What is expected :: The expected reply is all of the data, returned exactly.
┌──
Lemma iso3_compl n a b c x y z : a < n -> b < n -> c < n ->
  [&& x <= 2, y <= 2 & z <= 2] ->
  iso3 (n - a.+1) (n - b.+1) (n - c.+1) (compl3 [:: x; y; z]) =
  iso3 a b c [:: x; y; z].
Proof.
move=> lt_an lt_bn lt_cn /and3P[le_x2 le_y2 le_z2].
rewrite /compl3 /= !iso3E !ltn_sub2lE // !ltnS.
by apply/and5P/and5P => -[? ? ? ? /andP[? ?]]; split => //; apply/andP.
Qed.

Lemma vcontains_compl n (w : seq nat) x y z : all (gtn n) w ->
  [&& x <= 2, y <= 2 & z <= 2] ->
  vcontains (map (fun a => n - a.+1) w) (compl3 [:: x; y; z]) [:: 0] =
  vcontains w [:: x; y; z] [:: 0].
Proof.
move=> /(all_nthP 0) w_lt le_xyz2.
apply/vcontains3P/vcontains3P => -[i [k [lt_ik lt_kw iso]]];
  exists i, k; move: lt_kw iso; rewrite size_map => lt_kw; split => //;
  move: iso; rewrite !(nth_map 0) ?iso3_compl //; try apply: w_lt; lia.
Qed.

Section Complement.
Variable n : nat.
Implicit Types (t : n.-tuple 'I_n) (C : {set n.-tuple 'I_n}).

Definition tcompl t : n.-tuple 'I_n := map_tuple (@rev_ord n) t.

Definition ccompl C : {set n.-tuple 'I_n} := [set tcompl t | t in C].

Lemma tcomplK : involutive tcompl.
Proof. by move=> t; apply: val_inj; rewrite /= -map_comp (eq_map (@rev_ordK n)) map_id. Qed.

Lemma ccomplK : involutive ccompl.
Proof. by move=> C; rewrite /ccompl -imset_comp (eq_imset _ tcomplK) imset_id. Qed.

Lemma ccompl_cyc_class t : ccompl (cyc_class t) = cyc_class (tcompl t).
Proof.
rewrite /ccompl -imset_comp; apply: eq_imset => k.
by apply: val_inj; rewrite /= map_rot.
Qed.

Lemma cyc_perms_compl C : (ccompl C \in cyc_perms n) = (C \in cyc_perms n).
Proof.
suff perms_compl C' : C' \in cyc_perms n -> ccompl C' \in cyc_perms n.
  by apply/idP/idP => [/perms_compl | /perms_compl //]; rewrite ccomplK.
case/imsetP=> t; rewrite inE => ut ->; rewrite ccompl_cyc_class.
by apply/imsetP; exists (tcompl t); rewrite // inE /is_lperm (map_inj_uniq (@rev_ord_inj n)).
Qed.

Lemma cyc_contains_compl C x y z : [&& x <= 2, y <= 2 & z <= 2] ->
  cyc_contains (ccompl C) (compl3 [:: x; y; z]) [:: 0] = cyc_contains C [:: x; y; z] [:: 0].
Proof.
move=> le_xyz2.
have val_compl t : map val (tcompl t) = map (fun a => n - a.+1) (map val t).
  by rewrite -!map_comp.
have val_lt t : all (gtn n) (map val t) by apply/allP => _ /mapP[i _ ->]; apply: ltn_ord.
apply/existsP/existsP => [[_ /andP[/imsetP[t tC ->]]] | [t /andP[tC ct]]].
  by rewrite val_compl (vcontains_compl (val_lt t) le_xyz2) => ct; exists t; rewrite tC.
exists (tcompl t); rewrite imset_f //= val_compl.
by rewrite (vcontains_compl (val_lt t) le_xyz2).
Qed.

Lemma card_avoiders_compl x y z : [&& x <= 2, y <= 2 & z <= 2] ->
  #|cyc_avoiders n (compl3 [:: x; y; z]) [:: 0]| = #|cyc_avoiders n [:: x; y; z] [:: 0]|.
Proof.
move=> le_xyz2; rewrite -(card_imset _ (can_inj ccomplK)); apply: eq_card => C.
by rewrite (can_imset_pre _ ccomplK) /cyc_avoiders !inE cyc_perms_compl cyc_contains_compl.
Qed.

End Complement.

Definition adj_avoid (n : nat) (p : seq nat) (f : nat -> nat) : Prop :=
  forall j c, j.+1 < n -> c < n -> c != f j -> c != f j.+1 ->
    ~~ iso3 (f j) (f j.+1) c p.

Lemma rot_adj_avoid n x y z (t : n.-tuple 'I_n) k : uniq t ->
  ~~ cyc_contains (cyc_class t) [:: x; y; z] [:: 0] ->
  adj_avoid n [:: x; y; z] (nth 0 (rot k (map val t))).
Proof.
move=> ut avt j c lt_j1n lt_cn c_neq_j c_neq_j1; apply: contra avt => iso.
set w := map val t; set v := rot k w.
have size_v : size v = n by rewrite size_rot size_map size_tuple.
have n_gt0 : 0 < n by lia.
apply: (cyc_contains_rot n_gt0 (k := rot_add w k j)).
rewrite -rot_rot_add -/v; set r := rot j v.
have nth_r i : i <= 1 -> nth 0 r i = nth 0 v (j + i).
  by move=> le_i1; rewrite nth_rot size_v /cyc_shift; [case: ifP => //; lia | lia | lia].
have c_in_r : c \in r by rewrite !mem_rot (map_f val (mem_lperm (Ordinal lt_cn) ut)).
apply/vcontains3P; exists 0, (index c r).
split; [| by rewrite index_mem | by rewrite (nth_r 0) ?(nth_r 1) // addn0 addn1 nth_index].
case: (index c r) (nth_index 0 c_in_r) => [|[|i]] // nth_c.
  by move: c_neq_j; rewrite -nth_c nth_r // addn0 eqxx.
by move: c_neq_j1; rewrite -nth_c nth_r // addn1 eqxx.
Qed.

Section IdentityForcing.
Variables (n : nat) (f : nat -> nat).
Hypothesis f_lt : forall j, j < n -> f j < n.
Hypothesis f_inj : forall i j, i < n -> j < n -> i != j -> f i != f j.

Lemma increasing_gap : (forall j, j.+1 < n -> f j < f j.+1) ->
  forall i d, i + d < n -> f i + d <= f (i + d).
Proof.
move=> f_incr i; elim=> [|d IHd] lt_idn; first by rewrite !addn0.
have := IHd ltac:(lia); have := f_incr (i + d); rewrite !addnS; lia.
Qed.

Lemma increasing_id : (forall j, j.+1 < n -> f j < f j.+1) ->
  forall j, j < n -> f j = j.
Proof.
move=> f_incr j lt_jn.
have := increasing_gap f_incr (i := 0) (d := j) lt_jn.
have := increasing_gap f_incr (i := j) (d := n.-1 - j).
have lt_n1n : n.-1 < n by lia.
rewrite add0n subnKC; [have := f_lt lt_n1n; lia | lia].
Qed.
└──
Output of the task ::
Lemma iso3_compl n a b c x y z : a < n -> b < n -> c < n ->
  [&& x <= 2, y <= 2 & z <= 2] ->
  iso3 (n - a.+1) (n - b.+1) (n - c.+1) (compl3 [:: x; y; z]) =
  iso3 a b c [:: x; y; z].
Proof.
move=> lt_an lt_bn lt_cn /and3P[le_x2 le_y2 le_z2].
rewrite /compl3 /= !iso3E !ltn_sub2lE // !ltnS.
by apply/and5P/and5P => -[? ? ? ? /andP[? ?]]; split => //; apply/andP.
Qed.

Lemma vcontains_compl n (w : seq nat) x y z : all (gtn n) w ->
  [&& x <= 2, y <= 2 & z <= 2] ->
  vcontains (map (fun a => n - a.+1) w) (compl3 [:: x; y; z]) [:: 0] =
  vcontains w [:: x; y; z] [:: 0].
Proof.
move=> /(all_nthP 0) w_lt le_xyz2.
apply/vcontains3P/vcontains3P => -[i [k [lt_ik lt_kw iso]]];
  exists i, k; move: lt_kw iso; rewrite size_map => lt_kw; split => //;
  move: iso; rewrite !(nth_map 0) ?iso3_compl //; try apply: w_lt; lia.
Qed.

Section Complement.
Variable n : nat.
Implicit Types (t : n.-tuple 'I_n) (C : {set n.-tuple 'I_n}).

Definition tcompl t : n.-tuple 'I_n := map_tuple (@rev_ord n) t.

Definition ccompl C : {set n.-tuple 'I_n} := [set tcompl t | t in C].

Lemma tcomplK : involutive tcompl.
Proof. by move=> t; apply: val_inj; rewrite /= -map_comp (eq_map (@rev_ordK n)) map_id. Qed.

Lemma ccomplK : involutive ccompl.
Proof. by move=> C; rewrite /ccompl -imset_comp (eq_imset _ tcomplK) imset_id. Qed.

Lemma ccompl_cyc_class t : ccompl (cyc_class t) = cyc_class (tcompl t).
Proof.
rewrite /ccompl -imset_comp; apply: eq_imset => k.
by apply: val_inj; rewrite /= map_rot.
Qed.

Lemma cyc_perms_compl C : (ccompl C \in cyc_perms n) = (C \in cyc_perms n).
Proof.
suff perms_compl C' : C' \in cyc_perms n -> ccompl C' \in cyc_perms n.
  by apply/idP/idP => [/perms_compl | /perms_compl //]; rewrite ccomplK.
case/imsetP=> t; rewrite inE => ut ->; rewrite ccompl_cyc_class.
by apply/imsetP; exists (tcompl t); rewrite // inE /is_lperm (map_inj_uniq (@rev_ord_inj n)).
Qed.

Lemma cyc_contains_compl C x y z : [&& x <= 2, y <= 2 & z <= 2] ->
  cyc_contains (ccompl C) (compl3 [:: x; y; z]) [:: 0] = cyc_contains C [:: x; y; z] [:: 0].
Proof.
move=> le_xyz2.
have val_compl t : map val (tcompl t) = map (fun a => n - a.+1) (map val t).
  by rewrite -!map_comp.
have val_lt t : all (gtn n) (map val t) by apply/allP => _ /mapP[i _ ->]; apply: ltn_ord.
apply/existsP/existsP => [[_ /andP[/imsetP[t tC ->]]] | [t /andP[tC ct]]].
  by rewrite val_compl (vcontains_compl (val_lt t) le_xyz2) => ct; exists t; rewrite tC.
exists (tcompl t); rewrite imset_f //= val_compl.
by rewrite (vcontains_compl (val_lt t) le_xyz2).
Qed.

Lemma card_avoiders_compl x y z : [&& x <= 2, y <= 2 & z <= 2] ->
  #|cyc_avoiders n (compl3 [:: x; y; z]) [:: 0]| = #|cyc_avoiders n [:: x; y; z] [:: 0]|.
Proof.
move=> le_xyz2; rewrite -(card_imset _ (can_inj ccomplK)); apply: eq_card => C.
by rewrite (can_imset_pre _ ccomplK) /cyc_avoiders !inE cyc_perms_compl cyc_contains_compl.
Qed.

End Complement.

Definition adj_avoid (n : nat) (p : seq nat) (f : nat -> nat) : Prop :=
  forall j c, j.+1 < n -> c < n -> c != f j -> c != f j.+1 ->
    ~~ iso3 (f j) (f j.+1) c p.

Lemma rot_adj_avoid n x y z (t : n.-tuple 'I_n) k : uniq t ->
  ~~ cyc_contains (cyc_class t) [:: x; y; z] [:: 0] ->
  adj_avoid n [:: x; y; z] (nth 0 (rot k (map val t))).
Proof.
move=> ut avt j c lt_j1n lt_cn c_neq_j c_neq_j1; apply: contra avt => iso.
set w := map val t; set v := rot k w.
have size_v : size v = n by rewrite size_rot size_map size_tuple.
have n_gt0 : 0 < n by lia.
apply: (cyc_contains_rot n_gt0 (k := rot_add w k j)).
rewrite -rot_rot_add -/v; set r := rot j v.
have nth_r i : i <= 1 -> nth 0 r i = nth 0 v (j + i).
  by move=> le_i1; rewrite nth_rot size_v /cyc_shift; [case: ifP => //; lia | lia | lia].
have c_in_r : c \in r by rewrite !mem_rot (map_f val (mem_lperm (Ordinal lt_cn) ut)).
apply/vcontains3P; exists 0, (index c r).
split; [| by rewrite index_mem | by rewrite (nth_r 0) ?(nth_r 1) // addn0 addn1 nth_index].
case: (index c r) (nth_index 0 c_in_r) => [|[|i]] // nth_c.
  by move: c_neq_j; rewrite -nth_c nth_r // addn0 eqxx.
by move: c_neq_j1; rewrite -nth_c nth_r // addn1 eqxx.
Qed.

Section IdentityForcing.
Variables (n : nat) (f : nat -> nat).
Hypothesis f_lt : forall j, j < n -> f j < n.
Hypothesis f_inj : forall i j, i < n -> j < n -> i != j -> f i != f j.

Lemma increasing_gap : (forall j, j.+1 < n -> f j < f j.+1) ->
  forall i d, i + d < n -> f i + d <= f (i + d).
Proof.
move=> f_incr i; elim=> [|d IHd] lt_idn; first by rewrite !addn0.
have := IHd ltac:(lia); have := f_incr (i + d); rewrite !addnS; lia.
Qed.

Lemma increasing_id : (forall j, j.+1 < n -> f j < f j.+1) ->
  forall j, j < n -> f j = j.
Proof.
move=> f_incr j lt_jn.
have := increasing_gap f_incr (i := 0) (d := j) lt_jn.
have := increasing_gap f_incr (i := j) (d := n.-1 - j).
have lt_n1n : n.-1 < n by lia.
rewrite add0n subnKC; [have := f_lt lt_n1n; lia | lia].
Qed.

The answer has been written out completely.